At p<0.05, data findings revealed that there were statistically significant differences in all three forms, cognitive engagement (χ2(2)=48.791, p=0.000), affective engagement (χ2(2)=15.952, p=0.000), and behavioral engagement (χ2(2)=24.793, p=0.000) among three groups of students with different levels of language proficiency. Pairwise comparisons were subsequently performed using Dunn’s (1964) procedure. A Bonferroni correction for multiple comparisons was made with statistical significance accepted at the p<0.017 level (Table 5). Besides the quantitative findings as discussed as follows, there were consistently unclear and less patterned qualitative findings that impacts our understanding of how students of different language levels performed their engagement in IC. Therefore, these have offered valuable room to be investigated in future research.

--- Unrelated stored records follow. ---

Lemma inI_comm u v x y :
  inI sq (ncadd (ncmonom 1 (u ++ x :: y :: v))
    (ncadd (ncmonom (- qcomm x y) (u ++ y :: x :: v)) (ncmonom (- ccomm x y) (u ++ v)))).
Proof.
have q0 : q != 0 by rewrite expf_neq0.
exists [seq (t.1, u, t.2, v) | t <- comm_terms x y] => w.
rewrite /ncadd !nccoef_cat !nccoef_monom nccoef_flatten big_map.
have := nccoef_rel_term sq; rewrite /rel_term => E.
under eq_bigr do rewrite E.
case: x => x1 x2; case: y => y1 y2.
case: (I2_cases x1) => ->; case: (I2_cases x2) => ->;
case: (I2_cases y1) => ->; case: (I2_cases y2) => ->;
rewrite /qcomm /ccomm /comm_terms /= ?big_nil ?big_cons ?big_nil /= /ga /gb /gc /gd;
by field.
Qed.

End Commutation.

Lemma gen_cases (y : gen) : [\/ y = ga, y = gb, y = gc | y = gd].
Proof.
case: y => y1 y2; case: (I2_cases y1) => ->; case: (I2_cases y2) => ->.
- exact: Or41. - exact: Or42. - exact: Or43. - exact: Or44.
Qed.

(* The generators [y] that a generator [x] can be braided past and commuted back across
   at a total cost [weight x.2 y * qcomm x y] which is a power of [q^(1/2)]. *)
Definition admissible (x y : gen) : bool :=
  [|| x == ga, (x == gb) && (y.2 == i1), (x == gc) && (y.1 == i1) | y == gd].

Lemma admissible_col1 x y : x.2 = i1 -> admissible x y -> y.2 == i1.
Proof. by case: (gen_cases x) => -> // _; case: (gen_cases y) => ->. Qed.

Section Reduction.
Variables (K : fieldType) (sq : K).
Hypothesis sq0 : sq != 0.
Hypothesis q_not_root : forall m, (0 < m)%N -> (sq ^+ 2) ^+ m != 1.

Local Notation W w := (ncmonom (1 : K) w).
Local Notation q := (qq sq).

Lemma sq_pow_neq1 N : (0 < N)%N -> sq ^+ N != 1.
Proof.
move=> HN; apply: contra (q_not_root HN) => /eqP H.
by rewrite -exprM mulnC exprM H expr1n.
Qed.

Definition qcomm_prod (x : gen) (p : word) : K := \prod_(y <- p) qcomm sq x y.

Lemma weight_qcomm_pow x y : admissible x y ->
  exists N, weight sq x.2 y * qcomm sq x y = sq ^+ N.
Proof.
rewrite /admissible /weight /qcomm /qq.
by case: (gen_cases x) => ->; case: (gen_cases y) => -> //= _;
  first [by exists 1%N; field | by exists 3%N; field].
Qed.

Lemma twist_neq1 x u (Hu : all (admissible x) u) :
  sq ^+ 3 * chi sq x.2 u * qcomm_prod x u != 1.
Proof.
suff [N HN] : exists N, chi sq x.2 u * qcomm_prod x u = sq ^+ N.
  by rewrite -mulrA HN -exprD sq_pow_neq1.
elim: u Hu => [|y u IHu] /=; first by exists 0%N; rewrite /chi /qcomm_prod !big_nil mulr1.
case/andP => /weight_qcomm_pow [N1 H1] /IHu [N2 H2].
by exists (N1 + N2)%N; rewrite exprD -H1 -H2 /chi /qcomm_prod !big_cons; ring.
Qed.

(* [b1 (d (x) a) - beta b1 (b (x) c)] combined with the relations leaves [(1 - q) 1]. *)
Lemma im_b1_nil : im_b1 sq (W [::]).
Proof.
have q0 : q != 0 by rewrite expf_neq0.
have q1 : 1 - q != 0 by rewrite subr_eq0 eq_sym /qq -(expr1 (sq ^+ 2)) q_not_root.
set beta := (q^-1 - q^+2) / (1 - q).
have E : im_b1 sq (ncadd (ncadd (W [:: gd; ga]) (ncmonom (- q) [:: ga; gd]))
              (ncadd (ncmonom (- beta) [:: gb; gc]) (ncmonom (beta * q) [:: gc; gb]))).
  apply: (im_b1_lin (a := 1) (b := - beta) (im_b1_b1 sq [:: (1, [:: gd], [:: ga])])
                    (im_b1_b1 sq [:: (1, [:: gb], [:: gc])])) => w.
  rewrite !nccoef_b1_letter // /chi !big_seq1 /weight /= !nccoef_cons !nccoef_nil /beta /qq.
  by move: q1; rewrite /qq => q1; field; rewrite ?q1 ?sq0.
have Rel k (Hk : (k < 7)%N) := im_b1_inI (inI_rel_term sq (1, [::], Ordinal Hk, [::])).
have G := im_b1_add (im_b1_add (im_b1_add E (im_b1_scale (-1) (Rel 6%N isT)))
             (im_b1_scale q (Rel 5%N isT))) (im_b1_scale (beta * q) (Rel 4%N isT)).
apply: im_b1_coef_eq (im_b1_scale (1 - q)^-1 G) => w.
rewrite /ncadd !nccoef_scale !nccoef_cat !nccoef_scale !nccoef_cat ?nccoef_rel_term /= ?big_cons ?big_nil /=.
rewrite ?nccoef_cons ?nccoef_monom ?nccoef_nil /beta /ga /gb /gc /gd.
by move: q1; rewrite /qq => q1; field; rewrite ?q1 ?sq0.
Qed.

Variable n : nat.
Hypothesis IH : forall v : word, (size v < n)%N -> im_b1 sq (W v).

Lemma im_b1_comm u v x y : size (u ++ x :: y :: v) = n ->
  im_b1 sq (ncadd (W (u ++ x :: y :: v)) (ncmonom (- qcomm sq x y) (u ++ y :: x :: v))).
Proof.
move=> Hs; have Hl : (size (u ++ v) < n)%N by rewrite -Hs !size_cat /= !addnS ltnS leqnSn.
apply: (im_b1_lin (a := 1) (b := ccomm sq x y) (im_b1_inI (inI_comm sq0 u v x y)) (IH Hl)).
by move=> w; rewrite /ncadd !nccoef_cat !nccoef_monom; ring.
Qed.

Lemma im_b1_move p u v x : size (u ++ x :: p ++ v) = n ->
  im_b1 sq (ncadd (W (u ++ x :: p ++ v)) (ncmonom (- qcomm_prod x p) (u ++ p ++ x :: v))).
Proof.
elim: p u => [|y p IHp] u Hs.
  by apply: im_b1_coef0 => w; rewrite /ncadd nccoef_cat !nccoef_monom /qcomm_prod big_nil; ring.
have H2 : im_b1 sq (ncadd (W (rcons u y ++ x :: p ++ v))
              (ncmonom (- qcomm_prod x p) (rcons u y ++ p ++ x :: v))).
  by apply: IHp; rewrite cat_rcons -Hs !size_cat /= !addnS.
rewrite !cat_rcons in H2.
apply: (im_b1_lin (a := 1) (b := qcomm sq x y) (im_b1_comm Hs) H2) => w.
by rewrite /ncadd !nccoef_cat !nccoef_monom /qcomm_prod big_cons /=; ring.
Qed.

Lemma im_b1_last_letter x u : size (u ++ [:: x]) = n -> all (admissible x) u ->
  im_b1 sq (W (u ++ [:: x])).
Proof.
move=> Hs Hu; set al := sq ^+ 3 * chi sq x.2 u.
have B : im_b1 sq (ncadd (W (u ++ [:: x])) (ncmonom (- al) (x :: u))).
  apply: im_b1_coef_eq (im_b1_b1 sq [:: (1, u, [:: x])]) => w.
  rewrite nccoef_b1_letter ?/ncadd ?nccoef_cat ?nccoef_monom; first by rewrite /al; ring.
  by move=> Hx; apply/allP => y /(allP Hu); apply: admissible_col1.
have M : im_b1 sq (ncadd (W (x :: u)) (ncmonom (- qcomm_prod x u) (u ++ [:: x]))).
  by have := @im_b1_move u [::] [::] x; rewrite cats0 !cat0s; apply; rewrite -Hs size_cat addn1.
have Hne : 1 - al * qcomm_prod x u != 0 by rewrite subr_eq0 eq_sym /al twist_neq1.
apply: (im_b1_lin (a := (1 - al * qcomm_prod x u)^-1)
                  (b := (1 - al * qcomm_prod x u)^-1 * al) B M) => w.
by rewrite /ncadd !nccoef_cat !nccoef_monom; field.
Qed.

Lemma im_b1_move_last p x r : size (p ++ x :: r) = n ->
  im_b1 sq (W ((p ++ r) ++ [:: x])) -> im_b1 sq (W (p ++ x :: r)).
Proof.
move=> Hs Hu; have M := @im_b1_move r p [::] x; rewrite cats0 catA in M.
apply: (im_b1_lin (a := 1) (b := qcomm_prod x r) (M Hs) Hu) => w.
by rewrite /ncadd nccoef_cat !nccoef_monom; ring.
Qed.

Lemma im_b1_admissible x w : size w = n -> x \in w -> all (admissible x) w -> im_b1 sq (W w).
Proof.
move=> + Hx; case/splitPr: Hx => p r Hs; rewrite all_cat /= => /and3P [Hp _ Hr].
apply: (im_b1_move_last Hs); apply: im_b1_last_letter; last by rewrite all_cat Hp Hr.
by rewrite -Hs !size_cat /= addn1 addnS.
Qed.

(* Move [b] next to [c] and use [ad - q bc = 1]: the word obtained contains [a]. *)
Lemma im_b1_bc w : size w = n -> gb \in w -> gc \in w -> im_b1 sq (W w).
Proof.
move=> + Hb Hc; case/splitPr: Hc Hb => p r Hb Hs.
apply: (im_b1_move_last Hs).
have Hbpr : gb \in p ++ r by move: Hb; rewrite !mem_cat in_cons.
have : (size (p ++ r)).+1 = n by rewrite -Hs !size_cat /= addnS.
case/splitPr: Hbpr => p' r'; rewrite size_cat /= addnS => Hsize.
have Hn : size (p' ++ gb :: r' ++ [:: gc]) = n.
  by rewrite -Hsize size_cat /= size_cat addn1 !addnS.
have HA : im_b1 sq (W ((p' ++ r') ++ [:: ga; gd])).
  apply: (@im_b1_admissible ga); last by apply/allP => y _; rewrite /admissible eqxx.
    by rewrite -Hsize !size_cat addn2.
  by rewrite mem_cat in_cons eqxx orbT.
have HZ : im_b1 sq (W (p' ++ r')) by apply: IH; rewrite -Hsize size_cat ltnS leqnSn.
have HR := im_b1_inI (inI_rel_term sq (1, p' ++ r', @Ordinal 7 5 isT, [::])).
have q0 : q != 0 by rewrite expf_neq0.
set m := qcomm_prod gb r'.
have G := im_b1_add (im_b1_add (im_b1_add (im_b1_move Hn) (im_b1_scale (m / q) HA))
            (im_b1_scale (- m / q) HZ)) (im_b1_scale (- m / q) HR).
apply: im_b1_coef_eq G => v.
rewrite /ncadd !nccoef_cat !nccoef_scale !nccoef_cat !nccoef_monom /= ?nccoef_nil.
by rewrite -!catA /= ?cats0 /m; field.
Qed.

Lemma im_b1_word w : size w = n -> im_b1 sq (W w).
Proof.
move=> Hs; have [Ha|Na] := boolP (ga \in w).
  by apply: (im_b1_admissible Hs Ha); apply/allP => y _; rewrite /admissible eqxx.
have [Hb|Nb] := boolP (gb \in w); have [Hc|Nc] := boolP (gc \in w).
- exact: im_b1_bc.
- apply: (im_b1_admissible Hs Hb); apply/allP => y Hy.
  by case: (gen_cases y) Hy => -> // Hy; [rewrite Hy in Na | rewrite Hy in Nc].
- apply: (im_b1_admissible Hs Hc); apply/allP => y Hy.
  by case: (gen_cases y) Hy => -> // Hy; [rewrite Hy in Na | rewrite Hy in Nb].
- case: w Hs Na Nb Nc => [|y w] Hs Na Nb Nc; first exact: im_b1_nil.
  apply: (@im_b1_admissible gd) Hs _ _; last first.
    apply/allP => z Hz; rewrite /admissible orbC.
    by case: (gen_cases z) Hz => -> // Hz; [rewrite Hz in Na | rewrite Hz in Nb | rewrite Hz in Nc].
  by case: (gen_cases y) Na Nb Nc => ->; rewrite ?mem_head.
Qed.

End Reduction.

Theorem mainTheorem11 (R : realType) (q sq : R[i]) :
  sq ^+ 2 = q -> q != 0 ->
  (forall n : nat, (0 < n)%N -> q ^+ n != 1) ->
  forall f : ncpoly R[i], exists s : seq (R[i] * word * word),
    eqA sq f (b1 sq s).
Proof.
move=> <- q0 q_not_root f; apply: im_b1_span => w.
have sq0 : sq != 0 by apply: contra q0 => /eqP ->; rewrite expr0n.
elim/ltn_ind: {w}(size w) {-2}w (erefl (size w)) => n IHn w Hs.
by apply: (im_b1_word sq0 q_not_root _ Hs) => v Hv; apply: IHn Hv v erefl.
Qed.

Table 6: Engagement levels according to language proficiency

In the first dimension of cognitive engagement, post hoc analysis revealed statistically significant differences in the self-rated IC levels between the beginning-level students (M=1.57) and advanced-level students (M=3.68) at p<0.01, between the intermediate-level students (M=2.44) and advanced-level students (M=3.68) at p=0.001, but not in any other group combinations.

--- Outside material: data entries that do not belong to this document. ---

(* Let $\mathcal C$ be a clustering problem satisfying Assumption 1, $P\in\Lambda$ with $p_{\min}=\min_{i\in[K]}\min_{a\in\mathcal X}P_i(a)>0$, and $\sigma'\in\mathcal C\setminus\{\sigma_P\}$. Then for all $\gamma\in(0,1/K)$, $$C_{g_P^{\sigma'}}(\Sigma_K^\gamma)\le\frac D\gamma,\qquad D=\Big(\max_{\sigma''\in\mathcal C}\max_{m\in[M_{\sigma''}]}|\mathcal A_m^{\sigma''}|\Big)\frac{|\mathcal X|(1-p_{\min})}{4p_{\min}}.$$
   Context: Framework. Let $\mathcal X$ be a finite alphabet with $|\mathcal X|\ge2$, $\mathcal P(\mathcal X)$ the set of probability distributions on $\mathcal X$, and $K\ge2$ an integer (number of arms); $[n]=\{1,\dots,n\}$. A hypothesis is a collection $\sigma=\{\mathcal A_1^\sigma,\dots,\mathcal A_{M_\sigma}^\sigma\}$ ($M_\sigma\ge1$) of pairwise disjoint subsets of $[K]$, each of cardinality at least 2 (clusters); let $\mathcal A^\sigma_{M_\sigma+1}=[K]\setminus\bigcup_{m\le M_\sigma}\mathcal A_m^\sigma$. $\Lambda_\sigma$ is the set of $P\in\mathcal P(\mathcal X)^K$ with $P_i=P_j$ whenever $i,j\in\mathcal A_m^\sigma$ for some $m\le M_\sigma$, and $P_i\neq P_j$ whenever $i\in\mathcal A_{m_1}^\sigma$, $j\in\mathcal A_{m_2}^\sigma$ with $m_1\ne m_2\in[M_\sigma+1]$. A clustering problem is a finite set $\mathcal C$ of hypotheses with $|\mathcal C|\ge2$; $\Lambda=\bigcup_{\sigma\in\mathcal C}\Lambda_\sigma$. Hypothesis $\sigma$ dominates $\sigma'$ if every cluster of $\sigma$ is a subset of some cluster of $\sigma'$. Assumption 1: (i) there is no pair $\sigma\neq\sigma'$ in $\mathcal C$ such that $\sigma$ dominates $\sigma'$; (ii) every $P\in\Lambda$ belongs to $\Lambda_\sigma$ for exactly one $\sigma\in\mathcal C$, denoted $\sigma_P$. Functions. $D(P\|Q)$ is the KL divergence. $\Sigma_K=\{w\in\mathbb R^K: w_i\ge0,\sum_iw_i=1\}$, $\Sigma_K^\gamma=\{w\in\Sigma_K:w_i\ge\gamma\ \forall i\}$. For $\mathcal A\subseteq[K]$, $G(P_{\mathcal A},w_{\mathcal A})=0$ if $w_i=0$ for all $i\in\mathcal A$, and otherwise $G(P_{\mathcal A},w_{\mathcal A})=\sum_{i\in\mathcal A}w_iD(P_i\|W)$ with $W=\sum_{i\in\mathcal A}w_iP_i/\sum_{i\in\mathcal A}w_i$. For $\sigma\in\mathcal C$, $g_P^\sigma(w)=\sum_{m=1}^{M_\sigma}G(P_{\mathcal A_m^\sigma},w_{\mathcal A_m^\sigma})$ (a concave differentiable function on $\Sigma_K^\gamma$). For a concave differentiable $f$ on a compact convex set $\mathcal A$, the curvature constant is $$C_f(\mathcal A)=\sup_{x,z\in\mathcal A,\ \alpha\in(0,1],\ y=x+\alpha(z-x)}\frac1{\alpha^2}\big(f(x)-f(y)+\langle y-x,\nabla f(x)\rangle\big).$$ *)

From mathcomp Require Import all_boot all_order all_algebra.
From mathcomp Require Import all_classical all_reals all_analysis.
Set Implicit Arguments. Unset Strict Implicit. Unset Printing Implicit Defensive.
Import Order.TTheory GRing.Theory Num.Theory.
Import numFieldNormedType.Exports.
Local Open Scope ring_scope.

About the second dimension of affective engagement, post hoc analysis revealed statistically significant differences in the self-rated IC levels between the beginning-level students (M=2.89) and advanced-level students (M=3.38) at p=0.019, between the intermediate-level students (M=3.38) and advanced-level students (M=4.45) at p=0.005, but not in any other group combinations.

In the last dimension of behavioral engagement, post hoc analysis revealed statistically significant differences in the self-rated IC levels between the beginning-level students (M=2.40) and advanced-level students (M=4.31) at p=0.001, between the intermediate-level students (M=2.91) and advanced-level students (M=4.31) at p=0.001, and between the beginning-level students (M=2.40) and advanced-level students (M=4.31) at p=0.039.

Discussion and Conclusion

As a result of the global intercultural age and flexible mobility, this article has examined the current levels of student engagement in IC in EFL language education in the wake of the Open-door reforms in Vietnam? This study examines self-rated scores of students’ levels of IC engagement in the context of Vietnamese higher education. Like some previous works, the findings show that developing IC can be classified into intercultural cognitive engagement, affective engagement, and behavioral engagement (Spitzberg & Changnon, 2009; Vu, 2022; Vu & Dinh, 2021). From the findings, they showed that the participating students responded very slowly to developing their cognitive engagement, but more efficiently with affective and behavioral engagement. Certain dimensions of social context (student gender, hometown, instruction medium, year of college, and language proficiency) were found to be responsible for these differences (Vu, 2022; Vu & Dinh, 2021). This section will discuss the findings in relation to how these sociocultural attributes impacted levels of student engagement in IC.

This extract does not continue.